Dangerous datasheets

Datasheets themselves are not that dangerous of course.  The paper variants perhaps would make good tinder for the fire pit (I don;t know this for sure, never tried), but in general they do not detonate or release toxic fumes.

It’s just that top page that is dangerous, the one that marketing wrote rather than the engineers.  Those promises of features and performance that will then be fine-printed over the next 50 (or 500 pages).  Components can be complicated these days, especially in the electronics world.

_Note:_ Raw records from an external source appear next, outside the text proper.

(* Let $h:\mathbb{R}^p\times[t_0,t_f)\to\mathbb{R}$ be continuously differentiable with $\frac{\partial}{\partial \mathbf{p}}h(\mathbf{p},t)\neq \mathbf{0}$ whenever $h(\mathbf{p},t)=0$. Suppose that at every $(\mathbf{p},t)$ with $\frac{\partial}{\partial \mathbf{p}}h(\mathbf{p},t)=\mathbf{0}$ and $h(\mathbf{p},t)>0$ we have $\frac{\partial h(\mathbf{p},t)}{\partial t}\ge 0$. Then $h$ is a CBF for the system $\dot{\mathbf{p}}=\mathbf{f}(\mathbf{p})+\mathbf{G}(\mathbf{p})\mathbf{z}$, and this holds with an arbitrary choice of the associated extended class-$\mathcal{K}_\infty$ function $\alpha$.
   Context: Agent model (first-order): $\dot{\mathbf{p}}=\mathbf{f}(\mathbf{p})+\mathbf{G}(\mathbf{p})\mathbf{z}$ with state $\mathbf{p}\in\mathbb{R}^p$, input $\mathbf{z}\in\mathbb{R}^z$, $\mathbf{f}:\mathbb{R}^p\to\mathbb{R}^p$ and $\mathbf{G}:\mathbb{R}^p\to\mathbb{R}^{p\times z}$ locally Lipschitz, and $\mathbf{G}(\mathbf{p})$ of full row rank for every $\mathbf{p}$. A continuous $\alpha:\mathbb{R}\to\mathbb{R}$ is an extended class-$\mathcal{K}_\infty$ function if it is strictly increasing, $\alpha(0)=0$, and $\lim_{s\to\pm\infty}\alpha(s)=\pm\infty$. A set-valued flow $\mathcal{D}:[t_0,t_f)\rightrightarrows\mathbb{R}^p$ has graph $\mathcal{G}(\mathcal{D})=\{(\mathbf{p},t):t\in[t_0,t_f),\ \mathbf{p}\in\mathcal{D}(t)\}$. CBF definition: given a continuously differentiable $h:\mathbb{R}^p\times[t_0,t_f)\to\mathbb{R}$ with $\frac{\partial}{\partial\mathbf{p}}h\neq\mathbf{0}$ whenever $h=0$, let $\mathcal{C}(t)=\{\mathbf{p}:h(\mathbf{p},t)\ge0\}$. Then $h$ is a (zeroing) control barrier function (CBF) for the system if there exist a set-valued flow $\mathcal{D}$ with $\mathcal{C}(t)\subseteq\mathcal{D}(t)$ for all $t$ and an extended class-$\mathcal{K}_\infty$ function $\alpha$ such that for all $(\mathbf{p},t)\in\mathcal{G}(\mathcal{D})$, $\sup_{\mathbf{z}\in\mathbb{R}^z}\dot h(\mathbf{p},t,\mathbf{z})>-\alpha(h(\mathbf{p},t))$, where $\dot h(\mathbf{p},t,\mathbf{z})=\frac{\partial h}{\partial\mathbf{p}}(\mathbf{p},t)\big(\mathbf{f}(\mathbf{p})+\mathbf{G}(\mathbf{p})\mathbf{z}\big)+\frac{\partial h}{\partial t}(\mathbf{p},t)$. *)

From HB Require Import structures.
From mathcomp Require Import all_boot all_order all_algebra.
From mathcomp Require Import all_classical all_reals all_analysis.

Set Implicit Arguments.
Unset Strict Implicit.
Unset Printing Implicit Defensive.

Import Order.TTheory GRing.Theory Num.Theory.
Import numFieldNormedType.Exports.

Local Open Scope classical_set_scope.
Local Open Scope ring_scope.

Section Defs.
Variable R : realType.

Definition ext_classKinf (alpha : R -> R) : Prop :=
  [/\ continuous alpha,
      (forall x y : R, x < y -> alpha x < alpha y),
      alpha 0 = 0,
      alpha x @[x --> +oo] --> +oo &
      alpha x @[x --> -oo] --> -oo].

Definition locally_lipschitz (V W : normedModType R) (F : V -> W) : Prop :=
  forall x : V, exists2 r : R, 0 < r & exists L : R,
    forall y y' : V, `|y - x| < r -> `|y' - x| < r ->
      `|F y - F y'| <= L * `|y - y'|.

Variable n m : nat. (* state dimension p = n, input dimension z = m *)

Definition time_dom (t0 : R) (tf : \bar R) : set R :=
  [set t | t0 <= t /\ (t%:E < tf)%E].

Definition dom (t0 : R) (tf : \bar R) : set ('cV[R]_n * R) :=
  [set x | time_dom t0 tf x.2].

Definition C1_on (h : 'cV[R]_n * R -> R) (S : set ('cV[R]_n * R)) : Prop :=
  (forall x, S x -> differentiable h x) /\
  (forall v : 'cV[R]_n * R, {within S, continuous (fun x => 'd h x v)}).

Definition grad_p (h : 'cV[R]_n * R -> R) (p : 'cV[R]_n) (t : R) : 'rV[R]_n :=
  \row_i 'd h (p, t) (delta_mx i 0, 0).

Definition d_t (h : 'cV[R]_n * R -> R) (p : 'cV[R]_n) (t : R) : R :=
  'd h (p, t) (0, 1).

Definition hdot (f : 'cV[R]_n -> 'cV[R]_n) (G : 'cV[R]_n -> 'M[R]_(n, m))
    (h : 'cV[R]_n * R -> R) (p : 'cV[R]_n) (t : R) (z : 'cV[R]_m) : R :=
  (grad_p h p t *m (f p + G p *m z)) 0 0 + d_t h p t.

Definition agent_model (f : 'cV[R]_n -> 'cV[R]_n)
    (G : 'cV[R]_n -> 'M[R]_(n, m)) : Prop :=
  [/\ locally_lipschitz f, locally_lipschitz G &
      forall p, \rank (G p) = n].

Definition cbf_candidate (h : 'cV[R]_n * R -> R) (t0 : R) (tf : \bar R) : Prop :=
  C1_on h (dom t0 tf) /\
  (forall p t, time_dom t0 tf t -> h (p, t) = 0 -> grad_p h p t != 0).

Definition safe_set (h : 'cV[R]_n * R -> R) (t : R) : set 'cV[R]_n :=
  [set p | 0 <= h (p, t)].

Definition CBF_with (f : 'cV[R]_n -> 'cV[R]_n) (G : 'cV[R]_n -> 'M[R]_(n, m))
    (h : 'cV[R]_n * R -> R) (t0 : R) (tf : \bar R) (alpha : R -> R) : Prop :=
  cbf_candidate h t0 tf /\ ext_classKinf alpha /\
  exists D : R -> set 'cV[R]_n,
    (forall t, time_dom t0 tf t -> safe_set h t `<=` D t) /\
    (forall p t, time_dom t0 tf t -> D t p ->
       (- alpha (h (p, t)))%:E <
         ereal_sup [set (hdot f G h p t z)%:E | z in [set: 'cV[R]_m]])%E.

Definition is_CBF f G h t0 tf : Prop :=
  exists alpha, CBF_with f G h t0 tf alpha.

End Defs.

(* Take D(t) = C(t). At a point of the safe set where the spatial gradient is nonzero, full row
   rank of G makes grad_p h * G a nonzero row vector, so hdot is an affine
   function of the input with nonzero slope and takes arbitrarily large values.
   Where the gradient vanishes, h is positive by the regularity of the
   boundary, so -alpha(h) < 0 <= dh/dt = hdot. Neither case uses any property
   of alpha beyond its sign, hence every extended class-K_inf alpha works. *)

From HB Require Import structures.
From mathcomp Require Import all_boot all_order all_algebra.
From mathcomp Require Import all_classical all_reals all_analysis.
Import Order.TTheory GRing.Theory Num.Theory.
Import numFieldNormedType.Exports.
Local Open Scope classical_set_scope.
Local Open Scope ring_scope.

Lemma rV_mulmx_surj (F : fieldType) (n : nat) (v : 'rV[F]_n) (c : F) :
  v != 0 -> exists z : 'cV[F]_n, (v *m z) 0 0 = c.
Proof.
move=> v_neq0.
have [j vj_neq0] : exists j, v 0 j != 0.
  apply/not_existsP => v_eq0; move/negP: v_neq0; apply; apply/eqP/matrixP => i k.
  by rewrite (ord1 i) mxE; apply/eqP/negPn/negP/v_eq0.
exists ((c / v 0 j) *: delta_mx j 0).
by rewrite -scalemxAr -colE !mxE mulfVK.
Qed.

Section ExtClassKinf.
Variable R : realType.

Lemma ext_classKinf_id : ext_classKinf (@id R).
Proof. by split=> // x; apply: cvg_id. Qed.

Variable alpha : R -> R.
Hypothesis alpha_Kinf : ext_classKinf alpha.

Lemma ext_classKinf_gt0 x : 0 < x -> 0 < alpha x.
Proof. by case: alpha_Kinf => _ alpha_incr alpha0 _ _ /alpha_incr; rewrite alpha0. Qed.

End ExtClassKinf.

Section Hdot.
Variables (R : realType) (n m : nat).
Variables (f : 'cV[R]_n -> 'cV[R]_n) (G : 'cV[R]_n -> 'M[R]_(n, m)).
Variables (h : 'cV[R]_n * R -> R) (p : 'cV[R]_n) (t : R).

Lemma hdotE (z : 'cV[R]_m) :
  hdot f G h p t z = hdot f G h p t 0 + (grad_p h p t *m G p *m z) 0 0.
Proof.
by rewrite /hdot mulmx0 addr0 mulmxDr mulmxA mxE addrAC.
Qed.

Lemma hdot_grad0 (z : 'cV[R]_m) : grad_p h p t = 0 -> hdot f G h p t z = d_t h p t.
Proof. by move=> grad0; rewrite /hdot grad0 mul0mx mxE add0r. Qed.

Lemma hdot_unbounded (b : R) :
  row_free (G p) -> grad_p h p t != 0 -> exists z, b < hdot f G h p t z.
Proof.
move=> G_free grad_neq0.
have [z zE] : exists z : 'cV[R]_m, (grad_p h p t *m G p *m z) 0 0 = b - hdot f G h p t 0 + 1.
  by apply: rV_mulmx_surj; rewrite mulmx_free_eq0.
by exists z; rewrite hdotE zE addrA addrCA subrr addr0 ltrDl ltr01.
Qed.

End Hdot.

Lemma cbf_condition_pointwise (R : realType) (n m : nat)
    (f : 'cV[R]_n -> 'cV[R]_n) (G : 'cV[R]_n -> 'M[R]_(n, m))
    (h : 'cV[R]_n * R -> R) (alpha : R -> R) (p : 'cV[R]_n) (t : R) :
  row_free (G p) -> ext_classKinf alpha ->
  (h (p, t) = 0 -> grad_p h p t != 0) ->
  (grad_p h p t = 0 -> 0 < h (p, t) -> 0 <= d_t h p t) ->
  0 <= h (p, t) -> exists z, - alpha (h (p, t)) < hdot f G h p t z.
Proof.
move=> G_free alpha_Kinf boundary_regular dt_ge0 h_ge0.
have [grad0|grad_neq0] := eqVneq (grad_p h p t) 0; last exact: hdot_unbounded.
have h_gt0 : 0 < h (p, t).
  by rewrite lt_neqAle h_ge0 andbT; apply/eqP => /esym/boundary_regular; rewrite grad0 eqxx.
exists 0; rewrite hdot_grad0 //.
by apply: lt_le_trans (dt_ge0 grad0 h_gt0); rewrite oppr_lt0 ext_classKinf_gt0.
Qed.

Theorem mainTheorem1 (R : realType) (n m : nat)
    (f : 'cV[R]_n -> 'cV[R]_n) (G : 'cV[R]_n -> 'M[R]_(n, m))
    (h : 'cV[R]_n * R -> R) (t0 : R) (tf : \bar R) :
  agent_model f G ->
  C1_on h (@dom R n t0 tf) ->
  (forall p t, time_dom t0 tf t -> h (p, t) = 0 -> grad_p h p t != 0) ->
  (forall p t, time_dom t0 tf t -> grad_p h p t = 0 -> 0 < h (p, t) ->
     0 <= d_t h p t) ->
  is_CBF f G h t0 tf /\
  (forall alpha : R -> R, ext_classKinf alpha -> CBF_with f G h t0 tf alpha).
Proof.
move=> [_ _ G_rank] h_C1 boundary_regular dt_ge0.
have every_alpha alpha : ext_classKinf alpha -> CBF_with f G h t0 tf alpha.
  move=> alpha_Kinf; split; first by split.
  split=> //; exists (safe_set h); split=> [t _ //|p t t_dom h_ge0].
  have G_free : row_free (G p) by rewrite /row_free G_rank.
  have [z hdot_gt] := @cbf_condition_pointwise R n m f G h alpha p t G_free alpha_Kinf
    (boundary_regular p t t_dom) (dt_ge0 p t t_dom) h_ge0.
  apply: (lt_le_trans _ (ereal_sup_ubound _)); last by exists z.
  by rewrite lte_fin.
split=> //; exists id; exact/every_alpha/ext_classKinf_id.
Qed.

We have a project from a customer to redesign a product line based on such datasheet first pages, promising 20% better performance than the component currently being used.  This components is the key component in the system, and paying a few cents more for 20% better is a no-brainer from a product line point of view.  It’s being heavily marketed as a next generation technology, and its figure of merit indeed sounds cutting edge.

Except the new super component may not really be better in our application.  The devil is in those 50pages down below.  On the technical side, its key performance criteria are speced at different operating conditions than the incumbent component.  We’ve dome a slew of calculations and built up a complex spreadsheet to model the relative performance of the two at various real (for our application) operating points, , and of course talked with the apps engineers and tested real parts.  We’ve even gone so far as to use calipers on the curves and used third-order curve fits.

On top of this there is the usual muddy area of nominal versus worst case, and even more complicated, a system of binning that effectively creates a number of grades.  Besides the additional technical complexity added by these grades, there is a supply chain side as well, as there is a significant difference between the sales policies of the two respective vendors as to which grades they will sell under what conditions.

Net, net, what started out looking like a runaway victor now looks like a photo finish.  Work still to be done on both the design and supply chain side.

And of course this is a recurring issue across the industry, not just in doing side by side comparisons.  We do a lot of “rescue” redesign work for various customers, with root causes oftentimes rooted in page 43 or page 433 of data sheets.  Common examples include decoupling schemes and power supply sequencing (in one case literally on the four hundredth page).  And we’re not immune to such mistakes ourselves–I personally burned up a thermo-electric cooler sample recently  from not reading up on the details of heatsinking (fortunately it was just a prototype, and no it did not explode either).

Happy reading.  Better put another pot of coffee on.